Exploratory Data Analysis using pandas ,matplotlib
Over the years, machine learning has been on the rise. It is so powerful that it almost tempt us to skip the Exploratory Data Analysis phase. It is not a very good idea to just feed data into a black box and wait for the results. Exploratory data analysis (EDA) is an approach to analyzing data sets to summarize their main characteristics, often with visual methods.Pandas is a Python library that provides extensive means for data analysis.In conjunction with Matplotlib, Pandas provides a wide range of opportunities for visual analysis of tabular data.
Following will be taken in workshop:-
- Data Wrangling :- Due to improper format of data,the accuracy of model can be drastically reduced, therefore data wrangling plays an important role
a. Viewing data in a proper manner(which includes shape,basic stats)
b. Knowing datatypes of attributes and pattern of null values.

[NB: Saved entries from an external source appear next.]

(* Fix a positive integer $k$. Then there are only finitely many allowable critical data sets (for all types $(n,d,k)$ with $n>k$, $d\in\mathbb Z$) for which $C_{12}\le 0$ or $C_{21}\le 0$.
   Context: Let $0<k<n$ and $d$ be integers. Write $d=na-t$ with integers $a,t$, $0\le t<n$, and $ka=l(n-k)+t+m$ with integers $l,m$, $0\le m<n-k$. A critical data set for type $(n,d,k)$ is a tuple $A_c=(\alpha_c,n_1,d_1,k_1,n_2,d_2,k_2)$ with integers $n_i\ge1$, $k_i\ge0$, $d_i$, such that $n_1+n_2=n$, $d_1+d_2=d$, $k_1+k_2=k$, $\frac{d_2}{n_2}>\frac{d_1}{n_1}$, $\frac{k_1}{n_1}>\frac{k_2}{n_2}$, and $\alpha_c=\frac{d_2n_1-d_1n_2}{n_2k_1-n_1k_2}$. It is allowable if moreover $\frac tk<\alpha_c<\frac{ln+t}{k}$, $d\ge\frac1k(n^2-1)-(n-k)$, $d_1\ge\frac1{k_1}(n_1^2-1)-(n_1-k_1)$, and either ($k_2=0$ and $n_2=1$) or ($k_2\ge1$ and $d_2\ge\frac1{k_2}(n_2^2-1)-(n_2-k_2)$). For a critical data set define $C_{12}=-n_1n_2-d_2n_1+d_1n_2+k_1(d_2+n_2-k_2)$ and $C_{21}=-n_1n_2+d_2n_1-d_1n_2+k_2(d_1+n_1-k_1)$. *)

From mathcomp Require Import all_boot all_order all_algebra.
Set Implicit Arguments. Unset Strict Implicit. Unset Printing Implicit Defensive.
Import Order.TTheory GRing.Theory Num.Theory.
Local Open Scope ring_scope.

Definition q (z : int) : rat := z%:~R.

Definition alpha_c (n1 d1 k1 n2 d2 k2 : int) : rat :=
  q (d2 * n1 - d1 * n2) / q (n2 * k1 - n1 * k2).

(* (alpha_c, n1, d1, k1, n2, d2, k2) is a critical data set for type (n,d,k);
   alpha_c is determined by the other entries (alpha_c above). *)
Definition critical_data (n d k n1 d1 k1 n2 d2 k2 : int) : Prop :=
  [/\ 1 <= n1, 1 <= n2, 0 <= k1, 0 <= k2 &
  [/\ n1 + n2 = n, d1 + d2 = d, k1 + k2 = k,
      q d2 / q n2 > q d1 / q n1 &
      q k1 / q n1 > q k2 / q n2 ]].

Definition bound_ok (n d k : int) : Prop :=
  q d >= q (n ^+ 2 - 1) / q k - q (n - k).

Definition allowable (n d k n1 d1 k1 n2 d2 k2 : int) : Prop :=
  critical_data n d k n1 d1 k1 n2 d2 k2 /\
  (exists a t l m : int,
     [/\ d = n * a - t, 0 <= t < n,
         k * a = l * (n - k) + t + m, 0 <= m < n - k &
         q t / q k < alpha_c n1 d1 k1 n2 d2 k2 < q (l * n + t) / q k]) /\
  bound_ok n d k /\ bound_ok n1 d1 k1 /\
  ((k2 = 0 /\ n2 = 1) \/ (1 <= k2 /\ bound_ok n2 d2 k2)).

Definition C12 (n1 d1 k1 n2 d2 k2 : int) : int :=
  - n1 * n2 - d2 * n1 + d1 * n2 + k1 * (d2 + n2 - k2).

Definition C21 (n1 d1 k1 n2 d2 k2 : int) : int :=
  - n1 * n2 + d2 * n1 - d1 * n2 + k2 * (d1 + n1 - k1).

(* Write alpha_c = N / D with N = d2 n1 - d1 n2 and D = n2 k1 - n1 k2, and put
   P = l n + t.  The identity k N - t D = n X, where X = k d2 - k a n2 + k2 t,
   turns t/k < alpha_c < P/k into 0 < X < l D; with w = l D - X > 0 the degrees
   split as  k d1 = (n1 - k1) P + n1 m + w  and  k d2 = (n2 - k2) P + n2 m - w.
   Substituting these into k C12 (resp. n2 C21) and using the lower bounds
   k_i d_i >= n_i^2 - 1 - k_i (n_i - k_i), each of C12 <= 0 and C21 <= 0 forces
   n <= 2 k^3 and P <= k (n + k)^2.  Hence d = d1 + d2 is bounded above, and the
   lower bounds on d1, d2 confine every entry of the data set to a box that
   depends on k only. *)

From mathcomp Require Import all_boot all_order all_algebra.
From mathcomp Require Import zify ring.
Import Order.TTheory GRing.Theory Num.Theory.
Set Implicit Arguments.
Unset Strict Implicit.
Local Open Scope ring_scope.

Section CriticalArithmetic.
Variables n1 n2 k1 k2 d1 d2 a t l m : int.

Local Notation n := (n1 + n2).
Local Notation k := (k1 + k2).
Local Notation D := (n2 * k1 - n1 * k2).
Local Notation N := (d2 * n1 - d1 * n2).
Local Notation P := (l * n + t).
Local Notation X := (k * d2 - k * a * n2 + k2 * t).
Local Notation w := (l * D - X).
Lemma integral_affine_esum_le (c : R) (b : W -> R) : (forall w, 0 <= b w)%R ->
  \int[mu]_z ((c + g z)%:E + \esum_(w in [set: W]) (b w * h w z)%:E)
  <= (c + Ig)%:E + \esum_(w in [set: W]) (b w * Ih w)%:E.
Proof.
move=> b0.
have bh0 w z : 0 <= (b w * h w z)%:E by rewrite lee_fin mulr_ge0.
have mbh w : measurable_fun setT (fun z => (b w * h w z)%:E).
  by apply/measurable_EFinP; apply: measurable_funM => //; exact: measurable_cst.
have ic : mu.-integrable setT (fun=> c%:E) by exact: finite_measure_integrable_cst.
have icg : mu.-integrable setT (EFin \o (fun z => c + g z)%R).
  by rewrite (_ : EFin \o _ = fun z => c%:E + (g z)%:E) //; exact: integrableD.
apply: le_trans (le_integralD_ge0 mu _ _ icg _ _) _.
- by move=> z; apply: esum_ge0 => w _.
- exact: emeasurable_esum.
rewrite ge0_integral_esum //; apply: leeD.
  rewrite (_ : (fun z => _) = fun z => c%:E + (g z)%:E) // integralD //.
  rewrite (integral_cst mu measurableT c%:E).
  rewrite [X in _ * X](_ : _ = 1) ?mule1; last exact: probability_setT.
  by rewrite Ige.
apply: le_esum => w _.
under eq_integral do rewrite EFinM.
rewrite ge0_integralZl_EFin //; last 2 first.
- by move=> z _; rewrite lee_fin.
- exact/measurable_EFinP.
by rewrite EFinM lee_wpmul2l ?lee_fin.
Qed.

Lemma iid_expect_affine_esum_le n (c : R) (a : W -> R) : (forall w, 0 <= a w)%R ->
  iid_expect mu n (fun s => (c + \sum_(z <- s) g z)%:E
      + \esum_(w in [set: W]) (a w * \prod_(z <- s) h w z)%:E)
  <= (c + n%:R * Ig)%:E + \esum_(w in [set: W]) (a w * Ih w ^+ n)%:E.
Proof.
elim: n c a => [|n IH] c a a0 /=.
  by rewrite big_nil mul0r addr0 leeD //; apply: le_esum => w _; rewrite big_nil expr0.
have an0 w : (0 <= a w * Ih w ^+ n)%R by rewrite mulr_ge0 ?exprn_ge0.
apply: le_trans
  (le_trans _ (integral_affine_esum_le (c + n%:R * Ig)%R _ an0)) _; last first.
  rewrite leeD // ?lee_fin ?mulrS; first lra.
  by apply: le_esum => w _; rewrite exprSr mulrA.
apply: le_integral_pointwise => z _.
have ahz0 w : (0 <= a w * h w z)%R by rewrite mulr_ge0.
apply: le_trans (le_trans _ (IH (c + g z)%R _ ahz0)) _.
  apply: le_iid_expect => s _; rewrite big_cons addrA leeD //.
  by apply: le_esum => w _; rewrite big_cons mulrA.
by rewrite leeD // ?lee_fin; [lra | apply: le_esum => w _; rewrite lee_fin mulrAC].
Qed.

c. Dealing with missing values using replace values, drop null values, filling null values(various methods of pandas)
d. Converting categorical data into numeric data
e. Normalisation of values (ex. taking log to reduce skewness)
f. Bumming of Values
Visualisation using Matplotlib which includes Barplot, Scatterplot, Histogram, etc
Finding Co-relation for feature selection.
Basic knowledge of python.
I am Purva Chaudhari ,3rd year student of computer science and engineering from Government Engineering College ,Aurangabad.I have a bit knowledge of Big-data technologies such as Hadoop,hive,spark etc.I have started python from last 2 months as I'm interested in Data Analytics and Data Science.